The Red Storm strung 10 unanswered points together to start the third quarter, opening their first 20-point lead just two minutes in when Manning collected a weak-side rebound and put it back up and in for a 40-20 lead.

Scarborough outscored the Lions 18-4 in the third to put the game out of reach at 54-24 to begin the final quarter. Senior guard Brittany Ross scored nine points for the Red Storm, while senior forward Sarah Moody added eight.

Scarborough has been tested only once so far, sneaking by the two-time defending state champion Deering Rams, 52-50 at home, but faces a grueling schedule in the coming weeks, starting with an oddly-timed showdown with the always-tough Biddeford Tigers (5-1) Monday at 1 p.m.

The Red Storm will be idle over the passing of the New Year and resume in 2010 to face the mettle of the conference in five straight games, three of them on the road.
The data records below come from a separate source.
Lemma pv_good_o : pv_good (tyo o).
Proof.
split.
- move=> T _ Tcomp; have [[t [Tt Et]]|noE] := EM (exists t, T t /\ E (nf t)).
    exists (bool_val true) => u Tu; apply/possible_bool_val => /= Eu.
    exact: (proj1 (compatible_o t u) (Tcomp t u Tt Tu) true).
  by exists (bool_val false) => u Tu; apply/possible_bool_val => Eu; apply: noE; exists u.
- move=> u v a; rewrite -(bool_valK a) !possible_bool_val compatible_o => Eu Ev x.
  by case: x (truth a) Eu Ev => [] [] Eu Ev [Exu Exv]; [exact: Ev|exact: Eu|exact: Eu|exact: Ev].
- move=> u v /compatible_o uv Duv.
  by case: (ev_BE E_evident Duv) => -[Eu Ev]; [apply: (uv true)|apply: (uv false)].
- move=> a; rewrite -(bool_valK a); set p := var (tyo o) 0.
  have [Ep|NEp] := EM (E (lit (~~ truth a) p)); last first.
    by exists p; apply/possible_bool_val; rewrite nf_var.
  exists (neg p); apply/possible_bool_val; rewrite nf_neg nf_var.
  case: (truth a) Ep => /= Ep Enp; apply: (@var_consistent 0); split => //.
  exact: (ev_DN E_evident Enp).
- move=> u v a b Euv; rewrite -(bool_valK a) -(bool_valK b) !possible_bool_val.
  by case: (ev_BQ E_evident Euv) => -[Eu Ev]; case: (truth a); case: (truth b).
Qed.

Section Sort.
Variable b : B.
Hypothesis b_sort : b <> o.

Lemma base_value_sort P : discriminant P -> base_value (b := b) (false, P).
Proof. by rewrite /base_value (introF eqP b_sort). Qed.

Definition disc_val P (dP : discriminant P) : Val (TBase b) :=
  exist _ (false, P) (base_value_sort dP).

Lemma Val_sortP (a : Val (TBase b)) : exists P (dP : discriminant P), a = disc_val dP.
Proof.
case: a => [[x P] xP].
have [x0 dP] : x = false /\ discriminant P by move: xP; rewrite /base_value (introF eqP b_sort).
by exists P, dP; apply: eq_exist; rewrite x0.
Qed.

Lemma disc_val_ext P Q (dP : discriminant P) (dQ : discriminant Q) :
  (forall w, P w <-> Q w) -> disc_val dP = disc_val dQ.
Proof.
move=> PQ; have ePQ : P = Q by apply: funext => w; apply: propext.
by subst Q; rewrite (Prop_irrelevance dP dQ).
Qed.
Scarborough welcomes South Portland out of the chute on Tuesday, Jan. 5 at home, then hits the road for back-to-back games with Thornton Academy (Jan. 7) and the Cheverus Stags (Jan. 9).

McAuley resumes its season on Jan. 5 at Bonny Eagle, then enters its own little rough patch with South Portland slated to visit Jan. 7 and Biddeford on tap at home after that. The Lions then travel to Portland and Sanford to round out their next five games.